Ventilator-associated pneumonia refers to the lung infection which affects patients who are on the mechanical ventilation breathing machines. These patients are already critically ill, and the new infection tends to increase their chances of death (Dodek et al., 2004). This infection affects the respiratory system of the patient, more specifically, the lower respiratory tract and lung parenchyma. The major route that a patient may acquire the infection is through oropharyngeal colonization by pathogens which are introduced exogenously from the intensive care unit (Dodek et al., 2004). This occurs through contaminated hands or apparel of the hospital personnel who access the unit, through contaminated medical equipment, the air, and even water. This is why the condition tends to occur after 48 hours of mechanical ventilation through the endotracheal tube or tracheostomy.
Nursing assessment is very important as it collects important information relating to the physiological, psychological, sociological, and spiritual status of the patient. Since most of the patients in the ICU on the ventilators are unconscious, it may be impossible to assess most of their status, other than the physiological aspect. The nurse should assess whether the patient has a fever and increased tracheobronchial secretions. These are quite common in patients with Ventilator Associated Pneumonia. The nurse may also hear crackles and see decreased respiratory efforts, and note decreased oxygenation. In case the patient is conscious, the nurse may inquire of any discomforts which the patient may experience. If the patient reports chest congestion, then the infection is suspected.
The diagnostic tests which should be conducted include; a chest radiograph, blood and pleural fluid cultures, nonquantitative and semiquantitative airway sampling, and also quantitative airway sampling. The issue of Ventilator Associated Pneumonia is relevant to geriatric patients mainly because they are at high risk of diseases such as heart attacks, which may lead to their hospitalization in the ICU environment. In addition, they are at a high risk of contracting the infection due to their compromised immune systems.
The nursing diagnosis for a patient with ventilator-associated diagnosis is impaired respiratory function, ineffective airway clearance, impaired gas exchange, and hyperthermia (Dodek et al., 2004). To help the patient with the symptoms, it is imperative that an evidenced based care is offered. In addition, the care needs to be individualized so as to fit the patient directly and effectively. The nursing intervention will feature practicing good hygiene, such as washing hands with soap and water before touching a patient, changing the oxygen masks more frequently, and immediately after it becomes soiled, and ensuring frequent mouth care for the patient (Dodek et al., 2004). Other interventions will help alleviate the patients discomfort and risk for more infections. These will include ensuring the ET-tube cuff pressure is maintained and elevating the head of the bed. In case the patient is unable to clear the airway effectively, then the nurse should employ the use of subglottic secretion drainage (Dodek et al., 2004).

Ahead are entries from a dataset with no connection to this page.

Lemma gap_step : gap_extendible C q ->
  (2 ^ q.+1 < #|A| + 4)%N -> (#|A| < 2 ^ q.+1)%N ->
  exists2 w, (forall j, nz2 (w j)) & {in A, forall i, factor_orth (V i) w}.
Proof.
move=> IH hl hs; have [A0|An0] := eqVneq A set0.
  by exists (fun=> ket0) => [j|i]; [exact: nz2_ket0 | rewrite A0 inE].
have [x0 [X piv]] := pivot_exists An0 hs hl.
have [Z [ZA XZ oZ cZ extZ]] := pivot_reduction piv.
case: piv => x0A hX _ leK ltZ.
have [w' nzw' Zw'] : exists2 w', (forall j, nz2 (w' j)) &
    {in Z, forall i, factor_orth (qtail (V i)) w'}.
  apply: IH => [i /(subsetP ZA) iA j | i k iZ kZ ik | |]; rewrite ?cZ //.
  - exact: nzV.
  - by rewrite -qdot_tensor_eq0 oZ.
  have satR := saturatedD saturatedA x0A.
  have := rk_bound tail A; have := rk_saturated saturatedA x0A.
  have := card_saturated saturatedA x0A; have := saturated_le satR.
  by move: hl; rewrite expnS; lia.
have [c nzc hc] := complement_witness x0A hX.
exists (qcons c w') => [j|i iA]; first by rewrite /qcons; case: unlift.
rewrite factor_orth_cons; have [iK|iR] := boolP (i \in cls x0).
  have [iX|iX] := boolP (i \in X); first by rewrite Zw' ?orbT // (subsetP XZ).
  by rewrite hc // inE iX.
suff /eqP : qdot (tail i) (tensor w') = 0 by rewrite qdot_tensor_eq0 => ->; rewrite orbT.
by apply: extZ => [k kZ|]; [apply/eqP; rewrite qdot_tensor_eq0 Zw' | rewrite inE iR].
Qed.

End Step.

Lemma gap_extendible_all (C : numClosedFieldType) (q : nat) : gap_extendible C q.
Proof.
elim: q => [|q IH] T A V nzV orthV hl hs; last exact: gap_step.
have A0 : A = set0 by apply: cards0_eq; move: hs; rewrite expn0; lia.
by exists (fun=> ket0) => [j|i]; [exact: nz2_ket0 | rewrite A0 inE].
Qed.

Lemma UPB_factors {C : numClosedFieldType} {p : nat} {S : seq (qvec C p)} :
  is_UPB S -> exists V : 'I_(size S) -> 'I_p -> 'I_2 -> C,
    [/\ forall i : 'I_(size S), nth 0 S i = tensor (V i), forall i j, nz2 (V i j) &
        forall i k, i != k -> factor_orth (V i) (V k)].
Proof.
case=> uS prodS orthS _.
have /fin_all_exists[V SV] :
    forall i : 'I_(size S), exists v, nth 0 S i = tensor (C := C) v.
  by move=> i; have [[v ->] _] := prodS _ (mem_nth 0 (ltn_ord i)); exists v.
exists V; split=> // [i j|i k ik].
- have [_ norm1] := prodS _ (mem_nth 0 (ltn_ord i)).
  by move: (oner_neq0 C); rewrite -norm1 SV qdot_tensor_eq0 => /existsPn/(_ j).
- rewrite -qdot_tensor_eq0 -!SV orthS ?mem_nth //.
  by rewrite nth_uniq // (inj_eq val_inj).
Qed.

Lemma UPB_no_orth_product {C : numClosedFieldType} {p : nat} {S : seq (qvec C p)} {z} :
  is_UPB S -> is_product z -> qdot z z != 0 -> ~ {in S, forall x, qdot x z = 0}.
Proof.
case=> _ _ _ unext pz zz Sz; have [zS|zS] := boolP (z \in S).
  by move: zz; rewrite Sz ?eqxx.
have z0 : z != 0.
  by apply: contra zz => /eqP ->; rewrite /qdot big1 // => b _; rewrite ffunE mulr0.
by have [x xS] := unext z pz z0 zS; rewrite Sz ?eqxx.
Qed.

Theorem proposition2 (C : numClosedFieldType) (p s : nat) :
  (2 ^ p < s + 4)%N -> (s < 2 ^ p)%N ->
  ~ exists S : seq (qvec C p), size S = s /\ is_UPB S.
Proof.
move=> hl hs [S [sizeS upbS]]; have [V [SV nzV orthV]] := UPB_factors upbS.
have cardS : #|[set: 'I_(size S)]| = s by rewrite cardsT card_ord.
have := @gap_extendible_all C p _ [set: 'I_(size S)] V
  (fun i _ => nzV i) (fun i k _ _ => orthV i k).
rewrite cardS => /(_ hl hs) [w nzw Sw].
apply: (UPB_no_orth_product upbS (ex_intro _ w erefl) (tensor_nz nzw)) => x xS.
have ix : (index x S < size S)%N by rewrite index_mem.
apply/eqP; rewrite -(nth_index 0 xS) -[index x S]/(val (Ordinal ix)) SV.
by rewrite qdot_tensor_eq0 Sw ?inE.
Qed.
Lemma qb_min_growth : F xm + kappa / 2 * inner xm xm <= F zero.
Proof.
have HG : G xm = zero.
  apply norm_zero_eq. have := qb_grad_sq_bound xm. have := pow2_ge_0 (norm (G xm)).
  have := norm_nonneg (G xm). nra.
have := qb_lower xm zero. rewrite HG inner_zero_l.
have -> : inner (sub zero xm) (sub zero xm) = inner xm xm by inner_expand; ring.
lra.
Qed.

End AtMinimizer.
End QuadraticBounds.

Lemma pow_le_exp q k : 0 <= q <= 1 -> (1 - q) ^ k <= exp (- INR k * q).
Proof.
move=> Hq. elim: k => [|k IH]; first by rewrite /= Ropp_0 Rmult_0_l exp_0; lra.
have H1 : 1 - q <= exp (- q).
  case: (Req_dec q 0) => Hq0; first by rewrite Hq0 Ropp_0 exp_0; lra.
  have := exp_ineq1 (- q) ltac:(lra). lra.
rewrite S_INR. have -> : - (INR k + 1) * q = - INR k * q + - q by ring.
rewrite exp_plus /= Rmult_comm.
apply Rmult_le_compat => //; [apply pow_le; lra | lra].
Qed.

(* Linear convergence of the fast gradient method, via the Lyapunov function
   Phi_k(x) = F(p_k) - F(x) + kappa/2 |v_k - x|^2 with
   v_k = ((1 + q) w_k - p_k) / q, q = sqrt (kappa / L), which contracts by
   the factor 1 - q at each step. *)
Section FastGradient.
Variables (V : PreHilbert) (F : V -> R) (G : V -> V) (L kappa : R).
Hypotheses (Hk : 0 < kappa) (HkL : kappa <= L) (Hqb : quad_bounds F G kappa L).
Implicit Types p w x : V.

Definition Pk k := fst (fgm F L kappa k).
Definition Wk k := snd (fgm F L kappa k).
Definition rate := sqrt kappa / sqrt L.
Definition momentum := (sqrt L - sqrt kappa) / (sqrt L + sqrt kappa).

Definition next_p w := sub w (scal (/ L) (G w)).
Definition next_w p w := add (next_p w) (scal momentum (sub (next_p w) p)).
Definition estimate p w := scal (/ rate) (sub (scal (1 + rate) w) p).
Definition Phi p w x := F p - F x + kappa / 2 * inner (sub (estimate p w) x) (sub (estimate p w) x).

Lemma fgm_S k : Pk k.+1 = next_p (Wk k) /\ Wk k.+1 = next_w (Pk k) (Wk k).
Proof.
rewrite /Pk /Wk /next_w /next_p /=. case: (fgm F L kappa k) => p w /=.
by rewrite (qb_grad Hk Hqb).
Qed.
Section PairMarginals.
Context {R : realType} {d : measure_display} {X : measurableType d}.
Variables (pip : R) (pP pN : probability X R).

Lemma pS_meas_setXT A : measurable A -> pS_meas pip pP pN (A `*` setT) =
  ((pip ^+ 2 / piS pip)%:E * pP A + ((1 - pip) ^+ 2 / piS pip)%:E * pN A)%E.
Proof. by move=> mA; rewrite /pS_meas !product_probability_setXT. Qed.

Lemma pS_meas_setTX A : measurable A -> pS_meas pip pP pN (setT `*` A) =
  ((pip ^+ 2 / piS pip)%:E * pP A + ((1 - pip) ^+ 2 / piS pip)%:E * pN A)%E.
Proof. by move=> mA; rewrite /pS_meas !product_probability_setTX. Qed.

Lemma pD_meas_setXT A : measurable A ->
  pD_meas pP pN (A `*` setT) = ((1 / 2)%:E * pP A + (1 / 2)%:E * pN A)%E.
Proof. by move=> mA; rewrite /pD_meas !product_probability_setXT. Qed.

Lemma pD_meas_setTX A : measurable A ->
  pD_meas pP pN (setT `*` A) = ((1 / 2)%:E * pP A + (1 / 2)%:E * pN A)%E.
Proof. by move=> mA; rewrite /pD_meas !product_probability_setTX // addeC. Qed.

End PairMarginals.

Section Unbiasedness.
Context {R : realType} {d : measure_display} {X : measurableType d}.
Context {dO : measure_display} {Omega : measurableType dO}.
Variables (P : probability Omega R) (pP pN : probability X R).
Variables (pip : R) (l : R -> bool -> R) (g : X -> R).
Hypotheses (pip_gt0 : 0 < pip) (pip_lt1 : pip < 1) (pip_neq_half : pip != 1 / 2).
Hypothesis l_ge0 : forall z t, 0 <= l z t.
Hypothesis mlg : forall t, measurable_fun setT (fun x => l (g x) t).
Hypothesis intP : forall t, pP.-integrable setT (fun x => (l (g x) t)%:E).
Hypothesis intN : forall t, pN.-integrable setT (fun x => (l (g x) t)%:E).

Let pip_ge0 : 0 <= pip. Proof. exact: ltW. Qed.
Let pip_compl_ge0 : 0 <= 1 - pip. Proof. by rewrite subr_ge0 ltW. Qed.
Let piS_gt0 : 0 < piS pip. Proof. by rewrite /piS; nra. Qed.
Let pip_diff_neq0 : pip - (1 - pip) != 0.
Proof. by apply: contra pip_neq_half => /eqP h; apply/eqP; lra. Qed.

Definition cond_risk (p : {measure set X -> \bar R}) (t : bool) : R :=
  fine (\int[p]_x (l (g x) t)%:E).

Definition mixture_risk (a b : R) (t : bool) : R :=
  a * cond_risk pP t + b * cond_risk pN t.

Definition risk : R := pip * cond_risk pP true + (1 - pip) * cond_risk pN false.

Lemma integral_risk (mu : probability (X * bool)%type R) :
  (forall A, measurable A -> mu (A `*` [set true]) = (pip%:E * pP A)%E) ->
  (forall A, measurable A -> mu (A `*` [set false]) = ((1 - pip)%:E * pN A)%E) ->
  (\int[mu]_z (l (g z.1) z.2)%:E = risk%:E)%E.
Proof.
move=> mu_true mu_false.
rewrite (ge0_integral_label_decomposition pip_ge0 pip_compl_ge0 mu_true mu_false
  (fun x t => l (g x) t)) //.
by rewrite /risk /cond_risk [RHS]EFinD !EFinM !fineK // (integrable_fin_num measurableT).
Qed.

Lemma has_integral_loss_mixture {Y : Omega -> X} {a b : R} (t : bool) :
  measurable_fun setT Y -> 0 <= a -> 0 <= b ->
  (forall A, measurable A -> P (Y @^-1` A) = (a%:E * pP A + b%:E * pN A)%E) ->
  has_integral P (fun w => l (g (Y w)) t) (mixture_risk a b t).
Proof.
move=> mY a_ge0 b_ge0 lawY.
exact: (has_integral_mixture_law mY a_ge0 b_ge0 lawY _ (mlg t) (fun=> l_ge0 _ _) (intP t) (intN t)).
Qed.

Lemma has_integral_loss_fst {Y1 Y2 : Omega -> X} {Q : set (X * X) -> \bar R}
    {a b : R} (t : bool) :
  measurable_fun setT Y1 -> 0 <= a -> 0 <= b ->
  (forall B, measurable B -> P ((fun w => (Y1 w, Y2 w)) @^-1` B) = Q B) ->
  (forall A, measurable A -> Q (A `*` setT) = (a%:E * pP A + b%:E * pN A)%E) ->
  has_integral P (fun w => l (g (Y1 w)) t) (mixture_risk a b t).
Proof.
move=> mY1 a_ge0 b_ge0 lawY QE; apply: has_integral_loss_mixture => // A mA.
rewrite -QE // -lawY; last exact: measurableX.
by rewrite -(preimage_pair_setXT Y1 Y2).
Qed.

Lemma has_integral_loss_snd {Y1 Y2 : Omega -> X} {Q : set (X * X) -> \bar R}
    {a b : R} (t : bool) :
  measurable_fun setT Y2 -> 0 <= a -> 0 <= b ->
  (forall B, measurable B -> P ((fun w => (Y1 w, Y2 w)) @^-1` B) = Q B) ->
  (forall A, measurable A -> Q (setT `*` A) = (a%:E * pP A + b%:E * pN A)%E) ->
  has_integral P (fun w => l (g (Y2 w)) t) (mixture_risk a b t).
Proof.
move=> mY2 a_ge0 b_ge0 lawY QE; apply: has_integral_loss_mixture => // A mA.
rewrite -QE // -lawY; last exact: measurableX.
by rewrite -(preimage_pair_setTX Y1 Y2).
Qed.

Lemma has_integral_R_SD {nS nD : nat} (xS xS' : 'I_nS -> Omega -> X)
    (xD xD' : 'I_nD -> Omega -> X) :
  (0 < nS)%N -> (0 < nD)%N ->
  (forall i, measurable_fun setT (xS i)) -> (forall i, measurable_fun setT (xS' i)) ->
  (forall i, measurable_fun setT (xD i)) -> (forall i, measurable_fun setT (xD' i)) ->
  (forall i B, measurable B ->
     P ((fun w => (xS i w, xS' i w)) @^-1` B) = pS_meas pip pP pN B) ->
  (forall i B, measurable B ->
     P ((fun w => (xD i w, xD' i w)) @^-1` B) = pD_meas pP pN B) ->
  has_integral P (fun w => R_SD pip l g (fun i => xS i w) (fun i => xS' i w)
                                        (fun i => xD i w) (fun i => xD' i w)) risk.
Proof.
move=> nS_gt0 nD_gt0 mxS mxS' mxD mxD' lawS lawD.
have aS_ge0 : 0 <= pip ^+ 2 / piS pip by rewrite divr_ge0 ?sqr_ge0 ?ltW.
have bS_ge0 : 0 <= (1 - pip) ^+ 2 / piS pip by rewrite divr_ge0 ?sqr_ge0 ?ltW.
have half_ge0 : 0 <= 1 / 2 :> R by rewrite divr_ge0.
have termS (i : 'I_nS) := has_integral_midpoint
  (has_integral_corr_loss pip l true (fun t =>
     has_integral_loss_fst t (mxS i) aS_ge0 bS_ge0 (lawS i) (pS_meas_setXT pip pP pN)))
  (has_integral_corr_loss pip l true (fun t =>
     has_integral_loss_snd t (mxS' i) aS_ge0 bS_ge0 (lawS i) (pS_meas_setTX pip pP pN))).
have termD (i : 'I_nD) := has_integral_midpoint
  (has_integral_corr_loss pip l false (fun t =>
     has_integral_loss_fst t (mxD i) half_ge0 half_ge0 (lawD i) (pD_meas_setXT pP pN)))
  (has_integral_corr_loss pip l false (fun t =>
     has_integral_loss_snd t (mxD' i) half_ge0 half_ge0 (lawD i) (pD_meas_setTX pP pN))).
have := has_integralD (has_integral_scaled_mean (piS pip) nS_gt0 termS)
                      (has_integral_scaled_mean (piD pip) nD_gt0 termD).
move=> [iSD E]; split=> //; rewrite /R_SD E; congr EFin.
rewrite /corr_loss /mixture_risk /risk /piS /piD.
by field; rewrite pip_diff_neq0 /=; exact: lt0r_neq0.
Qed.

Lemma has_integral_R_PC {n : nat} (x x' : 'I_n -> Omega -> X) :
  (0 < n)%N ->
  (forall i, measurable_fun setT (x i)) -> (forall i, measurable_fun setT (x' i)) ->
  (forall i A, measurable A -> P (x i @^-1` A) = ptilde_pos pip pP pN A) ->
  (forall i A, measurable A -> P (x' i @^-1` A) = ptilde_neg pip pP pN A) ->
  has_integral P (fun w => R_PC pip l g (fun i => x i w) (fun i => x' i w)) risk.
Proof.
move=> n_gt0 mx mx' lawx lawx'.
have denP_gt0 : 0 < (1 - pip) ^+ 2 + pip by nra.
have denN_gt0 : 0 < pip ^+ 2 + (1 - pip) by nra.
have aP_ge0 : 0 <= pip / ((1 - pip) ^+ 2 + pip) by rewrite divr_ge0 ?ltW.
have bP_ge0 : 0 <= (1 - pip) ^+ 2 / ((1 - pip) ^+ 2 + pip) by rewrite divr_ge0 ?sqr_ge0 ?ltW.
have aN_ge0 : 0 <= pip ^+ 2 / (pip ^+ 2 + (1 - pip)) by rewrite divr_ge0 ?sqr_ge0 ?ltW.
have bN_ge0 : 0 <= (1 - pip) / (pip ^+ 2 + (1 - pip)) by rewrite divr_ge0 // ltW.
have loss_x i t := has_integral_loss_mixture t (mx i) aP_ge0 bP_ge0 (lawx i).
have loss_x' i t := has_integral_loss_mixture t (mx' i) aN_ge0 bN_ge0 (lawx' i).
have term (i : 'I_n) := has_integralB
  (has_integralD (has_integralB (loss_x i true) (has_integralZl pip (loss_x i false)))
                 (loss_x' i false))
  (has_integralZl (1 - pip) (loss_x' i true)).
have [iPC E] := has_integral_scaled_mean 1 n_gt0 term.
split=> //; rewrite /R_PC E; congr EFin.
rewrite /mixture_risk /risk.
by field; rewrite !lt0r_neq0.
Qed.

The patient is treated with antibiotics for 15 days and given pain medication to manage the discomfort. The long period of consuming antibiotics is meant to prevent a recurrence of the same when the dose is complete. Unfortunately, it may be difficult to manage the infection once it starts due to the compromised immune system of the patients. A longer dosage also makes it difficult since the infection causing organisms may easily become resistant (Dodek et al., 2004).
Clinical practice change is very important as it will ensure a prevention of such infections in the ICU. Patient teaching is also vital for conscious patients as it will ensure they communicate any issues that they may have before the infection gets out of control. From the research article, it is recommended that topical antibiotics should not be used alone. This is because it tends to promote the emergence of antibiotic-resistant bacteria, hence causing more harm to the patient.
Dodek, P. et al. (2004). Evidence-Based Clinical Practice Guideline for the Prevention of Ventilator-Associated Pneumonia. Annals of Internal Medicine. 141(4), 305-310.